Hi all, i have an application that have to return emails to user his email client, but on some cases i have to pass around 1000 emails...

I'm using mailto on href, something like this:

mailto:[email protected][email protected],[email protected],anotherone@dfsf...

Why am I returning to his email client instead using PHP mail() function?
Because the user sender email depends on witch computer he is logged, and he needs to archive thoose emails...

The problem: Some browsers, if the email list is bigger than X, it won't send to his preferred email client...
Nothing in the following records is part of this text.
Lemma S_delta_V_le k t : (1 <= k <= n)%nat -> 0 <= t ->
  S k t + delta * V k t <= Sd k + delta * Vd k + Rabs (S k 0 - Sd k) * exp (- (d + omega) * t).
Proof.
  intros Hk Ht. pose proof (S_le_decay k t Hk Ht). pose proof (Hmu k Hk).
  destruct (solution_nonneg t k Ht Hk) as [h1 [h2 [h3 h4]]].
  pose proof (population_const k t Hk Ht). pose proof (Sdfe_plus_Vdfe k Hk).
  assert (Hexp : exp (- rV k * (t - 0)) <= exp (- (d + omega) * t)).
  { destruct (Req_dec t 0) as [->|]; [right; f_equal; ring|].
    left. apply exp_increasing. nra. }
  pose proof (exp_pos (- rV k * (t - 0))).
  pose proof (Rle_abs (S k 0 - Sd k)). pose proof (Rabs_pos (S k 0 - Sd k)).
  assert (HS : S k t - Sd k <= Rabs (S k 0 - Sd k) * exp (- (d + omega) * t)).
  { apply Rle_trans with (Rabs (S k 0 - Sd k) * exp (- rV k * (t - 0))).
    - apply Rle_trans with ((S k 0 - Sd k) * exp (- rV k * (t - 0))); [lra|].
      apply Rmult_le_compat_r; lra.
    - apply Rmult_le_compat_l; lra. }
  (* [S + delta V <= (1 - delta) S + delta (Sd + Vd)] because [V <= Ns - S] *)
  assert (delta * V k t <= delta * (Ns k - S k t)) by (apply Rmult_le_compat_l; lra).
  assert (0 <= Rabs (S k 0 - Sd k) * exp (- (d + omega) * t))
    by (apply Rmult_le_pos; [lra|left; apply exp_pos]).
  destruct (Rle_dec (S k t) (Sd k)).
  - assert (0 <= (1 - delta) * (Sd k - S k t)) by (apply Rmult_le_pos; lra). nra.
  - assert (0 <= delta * (S k t - Sd k)) by (apply Rmult_le_pos; lra). nra.
Qed.

Definition initial_S_gap :=
  / kavg n p * rsum n (fun i => lam i * phi i * p i * Rabs (S i 0 - Sd i)).

Lemma initial_S_gap_nonneg : 0 <= initial_S_gap.
Proof.
  pose proof kavg_pos. apply Rmult_le_pos; [left; now apply Rinv_0_lt_compat|].
  apply rsum_nonneg. intros k Hk.
  apply Rmult_le_pos; [left; repeat apply Rmult_lt_0_compat; auto|apply Rabs_pos].
Qed.

Lemma Theta_deriv_le t : 0 < t ->
  dTh t <= Th t * (initial_S_gap * exp (- (d + omega) * t) - cc * (1 - R0)).
Proof.
  intros Ht. pose proof kavg_pos.
  set (Y := / kavg n p * rsum n (fun i => lam i * phi i * p i * (S i t + delta * V i t))).
  assert (E : dTh t = Th t * Y - cc * Th t).
  { unfold Y.
    rewrite (rsum_ext n _ (fun i => Th t * (lam i * phi i * p i * (S i t + delta * V i t))
                                   - cc * (phi i * p i * I i t))) by (intros; ring).
    rewrite rsum_minus, !rsum_scal. unfold Theta. ring. }
  assert (HY : Y <= cc * R0 + initial_S_gap * exp (- (d + omega) * t)).
  { replace (cc * R0 + initial_S_gap * exp (- (d + omega) * t)) with
      (/ kavg n p * rsum n (fun i => lam i * phi i * p i * (Sd i + delta * Vd i)
         + exp (- (d + omega) * t) * (lam i * phi i * p i * Rabs (S i 0 - Sd i))))
      by (rewrite R0_eq, rsum_plus, rsum_scal; unfold initial_S_gap; ring).
    apply Rmult_le_compat_l; [left; now apply Rinv_0_lt_compat|].
    apply rsum_le. intros k Hk.
    pose proof (S_delta_V_le k t Hk ltac:(lra)).
    assert (0 <= lam k * phi k * p k) by (left; repeat apply Rmult_lt_0_compat; auto).
    nra. }
  pose proof (Theta_nonneg t ltac:(lra)).
  rewrite E. assert (Th t * Y <= Th t * (cc * R0 + initial_S_gap * exp (- (d + omega) * t)))
    by (apply Rmult_le_compat_l; lra).
  nra.
Qed.

Lemma I_deriv_le k t : (1 <= k <= n)%nat -> 0 < t ->
  dI k t <= lam k * Ns k * Th t - cc * I k t.
Proof.
  intros Hk Ht. destruct (solution_nonneg t k ltac:(lra) Hk) as [h1 [h2 [h3 h4]]].
  pose proof (population_const k t Hk ltac:(lra)). pose proof (Theta_nonneg t ltac:(lra)).
  pose proof (Hlam k Hk).
  assert (S k t + delta * V k t <= Ns k) by nra.
  assert (lam k * Th t * (S k t + delta * V k t) <= lam k * Th t * Ns k)
    by (apply Rmult_le_compat_l; [apply Rmult_le_pos|]; lra).
  nra.
Qed.

Lemma V_deriv_le k t : (1 <= k <= n)%nat -> 0 < t -> dV k t <= mu k * Ns k - rV k * V k t.
Proof.
  intros Hk Ht. destruct (solution_nonneg t k ltac:(lra) Hk) as [h1 [h2 [h3 h4]]].
  pose proof (population_const k t Hk ltac:(lra)). pose proof (Theta_nonneg t ltac:(lra)).
  pose proof (Hlam k Hk). pose proof (Hmu k Hk).
  assert (0 <= delta * lam k * V k t * Th t)
    by (apply Rmult_le_pos; [apply Rmult_le_pos; [apply Rmult_le_pos|]|]; lra).
  assert (mu k * S k t <= mu k * (Ns k - V k t)) by (apply Rmult_le_compat_l; lra).
  lra.
Qed.
Lemma mutinfo_X1_Y : mutinfo (macP W) (@rvX1 Y) (@rvY Y) = info1 (macw W).
Proof.
rewrite (mutinfo_uniform_bitE macP_ge0 _ probOf_X1); apply: eq_bigr => y _.
by congr bitinfo; rewrite (probOf_input_outputE (fun x => x.1))
  big_mkcond sum_pairE !big_bool /= /macw; ring.
Qed.

Lemma mutinfo_X2_Y : mutinfo (macP W) (@rvX2 Y) (@rvY Y) = info2 (macw W).
Proof.
rewrite (mutinfo_uniform_bitE macP_ge0 _ probOf_X2); apply: eq_bigr => y _.
by congr bitinfo; rewrite (probOf_input_outputE (fun x => x.2))
  big_mkcond sum_pairE !big_bool /= /macw; ring.
Qed.

Lemma mutinfo_xor_Y :
  mutinfo (macP W) (fun t => addb (rvX1 t) (rvX2 t)) (@rvY Y) = infoxor (macw W).
Proof.
rewrite (mutinfo_uniform_bitE macP_ge0 _ probOf_xor); apply: eq_bigr => y _.
by congr bitinfo; rewrite (probOf_input_outputE (fun x => addb x.1 x.2))
  big_mkcond sum_pairE !big_bool /= /macw; ring.
Qed.

Lemma mutinfo_X12_Y : mutinfo (macP W) (fun t => (rvX1 t, rvX2 t)) (@rvY Y) =
  condinfo1 (macw W) + info2 (macw W).
Proof.
have jointE x y : probOf (macP W) (fun t => (rvX1 t, rvX2 t, rvY t)) (x, y) = macw W x.1 x.2 y.
  by rewrite (probOf_input_outputE (fun x => (x.1, x.2))) (big_pred1 x) // => -[].
have inputE x : probOf (macP W) (fun t => (rvX1 t, rvX2 t)) x = 4^-1.
  by rewrite (probOf_inputE (fun x => (x.1, x.2))) (big_pred1 x) // => -[].
have outputE y : probOf (macP W) (@rvY Y) y = \sum_x macw W x.1 x.2 y.
  by rewrite -(sum_probOf_fstE _ (fun t => (rvX1 t, rvX2 t))); apply: eq_bigr => x _.
have entropy_inputE : \sum_(x : bool * bool) xlog2 4^-1 =
    - \sum_y 2 * (macw W true true y + macw W true false y
                  + (macw W false true y + macw W false false y)).
  rewrite -mulr_sumr (info_mass sum_macw) sum_pairE !big_bool /= xlog2_quarter.
  by field.
rewrite (mutinfo_entropyE macP_ge0).
under eq_bigr => x _ do under eq_bigr => y _ do rewrite jointE.
under [X in _ - X - _]eq_bigr => x _ do rewrite inputE.
under [X in _ - X]eq_bigr => y _ do rewrite outputE sum_pairE !big_bool.
rewrite entropy_inputE exchange_big /condinfo1 /info2 [in RHS]sum_pairE.
rewrite opprK -!big_split -sumrB; apply: eq_bigr => y _.
rewrite sum_pairE !big_bool /= /bitinfo.
by rewrite (addrACA (macw W true true y) (macw W false true y)); ring.
Qed.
Can anybody help me on this?

Thanks in advance

+6  A: 

You could output the full BCC list and ask the user to copy-paste it in. But maybe you should just rethink your entire strategy if you want to pass thousands of e-mail addresses to a user.

Matchu
i've made a button that generates all emails and copy them to user's clipboard. ;) thanks
CuSS
A: 

Passing a user thousands of email addresses is very unusual.

Generally, a more typical application would use PHP mail() on the server side, and then allow browsing the archives of whatever notifications have been sent out. The mail stays on and is sent from the web server, but allows the user to see what's gone out in the past.

On the minus side, that's a good bit more code, but probably the only way to fix the problem you're having; mailto: wasn't meant for large volume.

Dean J
read "Why am I returning to his email client instead using PHP mail() function?"
CuSS
You can figure out which computer they're sitting at in other ways; look up "php get client hostname" for example. The emails are still archived, on the server, where they can get to them later.
Dean J
+1  A: 

That's because the length of a GET request (and such a link is a GET request) has a maximum. On some browsers it might only be 2083 characters. So any email address behind that limit will not be send to the client email program. And thousand of email adresses will break the limit.

Kau-Boy
+1  A: 

For anything other than a simple mailto:address with no parameters, mailto: URLs are massively unreliable and should be avoided. URL-length issues are only the beginning.

on some cases i have to pass around 1000 emails...

Even if a mailer could cope with getting the URL, a user's residential ISP is unlikely even to allow them to send that.

Give up. Send the mails yourself from PHP. Send a copy to the user for the archival purposes.